• _ASSIGNED TASK_:
Take the entries below and print, exactly, the stretch from the line containing "exists F, fin_index F /\ all (fun n => k" through the line containing "(forall H : seq S, H <> [::] ->", both included.

• _EXERCISE DATA_:
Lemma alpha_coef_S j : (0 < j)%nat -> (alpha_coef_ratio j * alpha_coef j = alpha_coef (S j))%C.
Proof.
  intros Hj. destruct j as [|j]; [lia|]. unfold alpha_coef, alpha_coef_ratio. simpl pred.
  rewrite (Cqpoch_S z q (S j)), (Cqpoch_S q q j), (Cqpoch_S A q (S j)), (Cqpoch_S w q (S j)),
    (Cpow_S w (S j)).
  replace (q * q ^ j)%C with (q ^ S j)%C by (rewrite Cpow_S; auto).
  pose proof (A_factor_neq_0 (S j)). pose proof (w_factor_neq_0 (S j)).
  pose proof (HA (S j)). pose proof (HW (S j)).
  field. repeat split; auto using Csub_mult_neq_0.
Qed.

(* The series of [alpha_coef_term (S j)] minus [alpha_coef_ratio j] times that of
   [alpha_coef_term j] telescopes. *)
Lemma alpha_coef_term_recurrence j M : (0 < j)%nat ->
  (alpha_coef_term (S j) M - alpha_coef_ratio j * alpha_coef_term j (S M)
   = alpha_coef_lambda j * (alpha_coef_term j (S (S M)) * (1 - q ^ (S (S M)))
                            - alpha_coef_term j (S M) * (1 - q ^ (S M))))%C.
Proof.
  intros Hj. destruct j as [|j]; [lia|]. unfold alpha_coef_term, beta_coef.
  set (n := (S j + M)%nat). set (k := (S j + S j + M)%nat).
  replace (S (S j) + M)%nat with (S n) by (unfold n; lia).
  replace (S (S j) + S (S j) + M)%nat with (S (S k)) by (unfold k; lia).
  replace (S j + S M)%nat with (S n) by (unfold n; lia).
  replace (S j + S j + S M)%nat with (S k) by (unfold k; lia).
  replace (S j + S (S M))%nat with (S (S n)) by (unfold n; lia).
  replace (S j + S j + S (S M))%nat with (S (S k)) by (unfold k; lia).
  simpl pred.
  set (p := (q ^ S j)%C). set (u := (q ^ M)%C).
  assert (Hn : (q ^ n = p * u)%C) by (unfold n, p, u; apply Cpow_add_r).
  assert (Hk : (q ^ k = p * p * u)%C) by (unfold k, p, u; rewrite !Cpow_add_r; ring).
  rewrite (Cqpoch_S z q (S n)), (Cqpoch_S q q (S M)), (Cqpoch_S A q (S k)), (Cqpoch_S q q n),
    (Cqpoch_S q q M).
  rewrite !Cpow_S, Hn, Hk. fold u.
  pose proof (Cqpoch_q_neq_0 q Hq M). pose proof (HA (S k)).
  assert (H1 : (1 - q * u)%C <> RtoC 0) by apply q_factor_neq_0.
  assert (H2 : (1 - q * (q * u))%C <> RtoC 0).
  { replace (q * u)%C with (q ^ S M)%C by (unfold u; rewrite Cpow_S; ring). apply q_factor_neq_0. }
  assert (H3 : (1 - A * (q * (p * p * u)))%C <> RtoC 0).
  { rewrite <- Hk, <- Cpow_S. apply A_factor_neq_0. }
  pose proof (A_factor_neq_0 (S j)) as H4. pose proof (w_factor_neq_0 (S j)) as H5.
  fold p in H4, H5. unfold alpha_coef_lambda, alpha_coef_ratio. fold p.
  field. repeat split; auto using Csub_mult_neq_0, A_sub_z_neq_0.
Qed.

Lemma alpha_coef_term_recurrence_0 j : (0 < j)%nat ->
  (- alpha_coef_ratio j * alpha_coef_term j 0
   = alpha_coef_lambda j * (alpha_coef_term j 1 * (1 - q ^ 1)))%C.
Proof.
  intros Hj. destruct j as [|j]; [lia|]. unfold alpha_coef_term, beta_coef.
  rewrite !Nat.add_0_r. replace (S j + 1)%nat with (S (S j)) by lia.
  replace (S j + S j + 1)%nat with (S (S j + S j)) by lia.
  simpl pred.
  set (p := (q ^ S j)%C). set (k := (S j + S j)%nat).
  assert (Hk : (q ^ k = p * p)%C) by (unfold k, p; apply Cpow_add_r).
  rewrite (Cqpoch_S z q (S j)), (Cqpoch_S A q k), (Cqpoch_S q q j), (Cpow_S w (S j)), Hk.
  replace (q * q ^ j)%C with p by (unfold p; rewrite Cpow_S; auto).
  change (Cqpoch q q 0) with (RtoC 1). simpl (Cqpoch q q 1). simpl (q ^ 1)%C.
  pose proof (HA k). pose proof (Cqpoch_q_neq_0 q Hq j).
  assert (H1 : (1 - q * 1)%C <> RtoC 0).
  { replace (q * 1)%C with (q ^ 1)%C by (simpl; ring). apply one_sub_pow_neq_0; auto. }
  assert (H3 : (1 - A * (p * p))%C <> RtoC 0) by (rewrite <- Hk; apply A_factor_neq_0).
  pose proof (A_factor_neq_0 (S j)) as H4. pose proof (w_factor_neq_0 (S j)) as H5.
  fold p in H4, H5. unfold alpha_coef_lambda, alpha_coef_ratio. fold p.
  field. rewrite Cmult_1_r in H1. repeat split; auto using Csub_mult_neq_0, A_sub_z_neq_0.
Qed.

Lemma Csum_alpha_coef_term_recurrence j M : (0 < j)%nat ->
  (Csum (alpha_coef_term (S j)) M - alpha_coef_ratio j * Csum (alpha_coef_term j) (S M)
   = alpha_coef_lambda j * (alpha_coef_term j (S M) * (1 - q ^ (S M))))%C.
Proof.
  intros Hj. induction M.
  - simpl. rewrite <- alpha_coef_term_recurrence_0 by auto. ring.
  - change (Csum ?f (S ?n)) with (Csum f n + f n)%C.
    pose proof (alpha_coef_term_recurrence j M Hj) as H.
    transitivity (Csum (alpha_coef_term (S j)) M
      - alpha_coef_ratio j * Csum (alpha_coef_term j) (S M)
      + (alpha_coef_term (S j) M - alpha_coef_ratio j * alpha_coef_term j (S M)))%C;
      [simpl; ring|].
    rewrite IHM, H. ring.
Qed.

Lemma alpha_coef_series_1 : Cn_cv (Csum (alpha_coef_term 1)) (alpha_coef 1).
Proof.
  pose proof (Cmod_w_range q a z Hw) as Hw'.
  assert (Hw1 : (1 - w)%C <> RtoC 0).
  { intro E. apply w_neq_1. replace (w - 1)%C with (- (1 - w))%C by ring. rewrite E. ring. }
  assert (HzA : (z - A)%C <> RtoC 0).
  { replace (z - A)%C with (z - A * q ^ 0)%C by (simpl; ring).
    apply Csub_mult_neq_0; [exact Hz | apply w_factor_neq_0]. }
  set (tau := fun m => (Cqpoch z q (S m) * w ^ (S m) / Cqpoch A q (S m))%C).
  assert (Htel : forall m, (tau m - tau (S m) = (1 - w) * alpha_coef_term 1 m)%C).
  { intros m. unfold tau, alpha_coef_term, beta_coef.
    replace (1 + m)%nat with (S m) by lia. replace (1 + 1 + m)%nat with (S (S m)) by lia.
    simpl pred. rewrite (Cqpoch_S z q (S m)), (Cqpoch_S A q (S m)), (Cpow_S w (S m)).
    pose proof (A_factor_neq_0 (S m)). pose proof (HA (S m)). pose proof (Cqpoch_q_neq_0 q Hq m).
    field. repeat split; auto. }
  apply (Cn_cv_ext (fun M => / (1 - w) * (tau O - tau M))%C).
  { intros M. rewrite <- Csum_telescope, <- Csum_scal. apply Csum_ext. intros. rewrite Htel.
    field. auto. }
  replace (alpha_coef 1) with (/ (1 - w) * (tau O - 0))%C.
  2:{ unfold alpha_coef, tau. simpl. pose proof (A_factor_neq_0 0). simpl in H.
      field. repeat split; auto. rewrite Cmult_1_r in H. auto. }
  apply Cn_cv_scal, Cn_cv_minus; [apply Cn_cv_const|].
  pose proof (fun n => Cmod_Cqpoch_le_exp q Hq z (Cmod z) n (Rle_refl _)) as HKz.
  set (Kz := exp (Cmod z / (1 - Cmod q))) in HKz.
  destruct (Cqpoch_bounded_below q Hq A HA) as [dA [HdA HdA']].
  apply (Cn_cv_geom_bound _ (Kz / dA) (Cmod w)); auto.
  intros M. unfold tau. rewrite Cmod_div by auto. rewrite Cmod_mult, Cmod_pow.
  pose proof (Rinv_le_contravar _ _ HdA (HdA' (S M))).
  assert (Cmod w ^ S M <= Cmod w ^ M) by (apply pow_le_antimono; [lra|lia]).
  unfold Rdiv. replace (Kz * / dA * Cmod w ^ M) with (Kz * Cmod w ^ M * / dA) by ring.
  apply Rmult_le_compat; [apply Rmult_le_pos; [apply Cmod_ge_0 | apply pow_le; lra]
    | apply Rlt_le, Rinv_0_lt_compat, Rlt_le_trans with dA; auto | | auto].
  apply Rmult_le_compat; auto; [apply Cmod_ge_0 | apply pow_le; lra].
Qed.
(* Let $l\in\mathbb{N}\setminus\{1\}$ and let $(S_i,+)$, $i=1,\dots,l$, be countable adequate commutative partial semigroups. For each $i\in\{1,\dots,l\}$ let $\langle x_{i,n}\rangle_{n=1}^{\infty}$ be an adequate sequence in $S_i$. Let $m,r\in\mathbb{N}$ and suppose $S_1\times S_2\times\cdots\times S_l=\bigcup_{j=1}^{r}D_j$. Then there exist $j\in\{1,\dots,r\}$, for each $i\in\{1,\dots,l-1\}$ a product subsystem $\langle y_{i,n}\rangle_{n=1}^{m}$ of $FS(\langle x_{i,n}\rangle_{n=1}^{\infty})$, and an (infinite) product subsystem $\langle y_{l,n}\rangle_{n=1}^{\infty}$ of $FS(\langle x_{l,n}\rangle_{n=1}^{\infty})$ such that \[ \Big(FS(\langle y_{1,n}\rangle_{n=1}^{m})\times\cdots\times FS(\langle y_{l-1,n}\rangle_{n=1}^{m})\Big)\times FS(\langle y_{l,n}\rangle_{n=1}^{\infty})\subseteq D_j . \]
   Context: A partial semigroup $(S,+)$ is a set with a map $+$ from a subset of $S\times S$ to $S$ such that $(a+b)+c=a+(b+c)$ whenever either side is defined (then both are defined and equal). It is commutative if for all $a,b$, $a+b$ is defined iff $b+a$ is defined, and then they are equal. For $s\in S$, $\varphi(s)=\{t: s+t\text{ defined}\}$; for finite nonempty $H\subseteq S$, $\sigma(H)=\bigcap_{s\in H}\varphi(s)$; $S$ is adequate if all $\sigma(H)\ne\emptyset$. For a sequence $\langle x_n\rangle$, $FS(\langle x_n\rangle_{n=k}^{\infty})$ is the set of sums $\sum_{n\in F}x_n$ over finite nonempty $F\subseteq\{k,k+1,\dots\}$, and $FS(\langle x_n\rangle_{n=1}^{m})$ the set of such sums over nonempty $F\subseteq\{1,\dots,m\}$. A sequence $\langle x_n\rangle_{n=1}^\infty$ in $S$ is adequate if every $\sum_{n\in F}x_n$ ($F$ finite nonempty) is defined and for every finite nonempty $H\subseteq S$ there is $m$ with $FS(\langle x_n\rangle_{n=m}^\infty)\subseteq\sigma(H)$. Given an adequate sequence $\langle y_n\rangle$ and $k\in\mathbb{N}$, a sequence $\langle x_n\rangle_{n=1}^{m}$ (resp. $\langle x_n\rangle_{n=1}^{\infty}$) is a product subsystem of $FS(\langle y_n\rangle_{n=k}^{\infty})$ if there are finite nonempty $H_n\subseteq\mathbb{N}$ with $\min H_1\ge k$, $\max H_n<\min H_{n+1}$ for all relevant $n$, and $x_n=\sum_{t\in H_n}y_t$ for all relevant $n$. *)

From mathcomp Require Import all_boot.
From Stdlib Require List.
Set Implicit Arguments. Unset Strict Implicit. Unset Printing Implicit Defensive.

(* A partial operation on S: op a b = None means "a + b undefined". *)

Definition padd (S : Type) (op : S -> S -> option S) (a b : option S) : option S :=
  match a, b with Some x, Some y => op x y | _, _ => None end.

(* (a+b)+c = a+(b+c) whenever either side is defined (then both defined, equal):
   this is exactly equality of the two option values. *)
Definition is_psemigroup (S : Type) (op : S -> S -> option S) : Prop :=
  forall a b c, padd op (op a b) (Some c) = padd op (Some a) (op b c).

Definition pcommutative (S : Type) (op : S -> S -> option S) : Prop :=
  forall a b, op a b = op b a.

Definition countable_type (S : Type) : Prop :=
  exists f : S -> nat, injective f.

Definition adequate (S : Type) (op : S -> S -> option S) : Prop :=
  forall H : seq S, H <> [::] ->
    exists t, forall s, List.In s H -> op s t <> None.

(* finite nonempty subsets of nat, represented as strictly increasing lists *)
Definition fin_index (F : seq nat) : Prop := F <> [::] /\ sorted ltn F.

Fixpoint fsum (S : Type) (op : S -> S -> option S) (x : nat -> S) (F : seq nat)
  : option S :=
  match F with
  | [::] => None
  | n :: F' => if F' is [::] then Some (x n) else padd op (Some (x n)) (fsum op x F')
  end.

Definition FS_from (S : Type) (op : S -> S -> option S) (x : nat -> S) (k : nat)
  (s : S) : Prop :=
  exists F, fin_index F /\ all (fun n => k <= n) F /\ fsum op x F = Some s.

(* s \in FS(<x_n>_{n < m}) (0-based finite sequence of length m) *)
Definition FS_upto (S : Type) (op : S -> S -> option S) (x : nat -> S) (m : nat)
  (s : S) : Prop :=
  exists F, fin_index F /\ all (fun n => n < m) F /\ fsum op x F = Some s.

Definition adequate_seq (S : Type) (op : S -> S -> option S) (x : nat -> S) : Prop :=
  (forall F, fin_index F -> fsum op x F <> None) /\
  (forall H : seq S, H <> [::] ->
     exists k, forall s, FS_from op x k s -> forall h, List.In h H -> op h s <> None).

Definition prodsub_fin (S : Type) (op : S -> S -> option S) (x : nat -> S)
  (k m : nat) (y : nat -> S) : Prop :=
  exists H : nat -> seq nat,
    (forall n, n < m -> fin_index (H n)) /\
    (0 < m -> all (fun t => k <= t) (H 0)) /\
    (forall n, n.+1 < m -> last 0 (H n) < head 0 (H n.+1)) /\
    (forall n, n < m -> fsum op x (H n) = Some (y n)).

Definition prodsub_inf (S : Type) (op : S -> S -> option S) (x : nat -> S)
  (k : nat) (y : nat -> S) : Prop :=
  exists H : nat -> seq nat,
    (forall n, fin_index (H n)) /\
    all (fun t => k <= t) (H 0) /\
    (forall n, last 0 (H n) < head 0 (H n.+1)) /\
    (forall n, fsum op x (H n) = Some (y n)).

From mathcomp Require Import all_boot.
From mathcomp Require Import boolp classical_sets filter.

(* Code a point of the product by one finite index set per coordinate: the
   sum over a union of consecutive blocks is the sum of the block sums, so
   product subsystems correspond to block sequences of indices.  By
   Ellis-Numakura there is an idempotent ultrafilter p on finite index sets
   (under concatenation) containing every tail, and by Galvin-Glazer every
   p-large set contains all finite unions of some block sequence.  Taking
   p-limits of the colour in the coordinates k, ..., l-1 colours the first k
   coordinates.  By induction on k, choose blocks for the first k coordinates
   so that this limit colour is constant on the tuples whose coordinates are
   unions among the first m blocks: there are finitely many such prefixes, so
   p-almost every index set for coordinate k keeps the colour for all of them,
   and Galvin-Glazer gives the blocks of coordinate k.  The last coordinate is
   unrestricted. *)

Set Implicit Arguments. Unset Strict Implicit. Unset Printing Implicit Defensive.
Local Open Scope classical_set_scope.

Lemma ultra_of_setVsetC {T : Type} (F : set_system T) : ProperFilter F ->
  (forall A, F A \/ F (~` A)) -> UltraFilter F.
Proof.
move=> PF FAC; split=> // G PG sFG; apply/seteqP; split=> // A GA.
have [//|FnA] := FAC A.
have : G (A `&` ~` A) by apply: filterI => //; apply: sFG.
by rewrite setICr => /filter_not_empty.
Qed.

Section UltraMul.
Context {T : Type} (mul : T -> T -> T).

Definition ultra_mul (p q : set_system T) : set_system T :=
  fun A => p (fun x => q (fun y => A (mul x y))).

• _EXERCISE RESULT_:
  exists F, fin_index F /\ all (fun n => k <= n) F /\ fsum op x F = Some s.

(* s \in FS(<x_n>_{n < m}) (0-based finite sequence of length m) *)
Definition FS_upto (S : Type) (op : S -> S -> option S) (x : nat -> S) (m : nat)
  (s : S) : Prop :=
  exists F, fin_index F /\ all (fun n => n < m) F /\ fsum op x F = Some s.

Definition adequate_seq (S : Type) (op : S -> S -> option S) (x : nat -> S) : Prop :=
  (forall F, fin_index F -> fsum op x F <> None) /\
  (forall H : seq S, H <> [::] ->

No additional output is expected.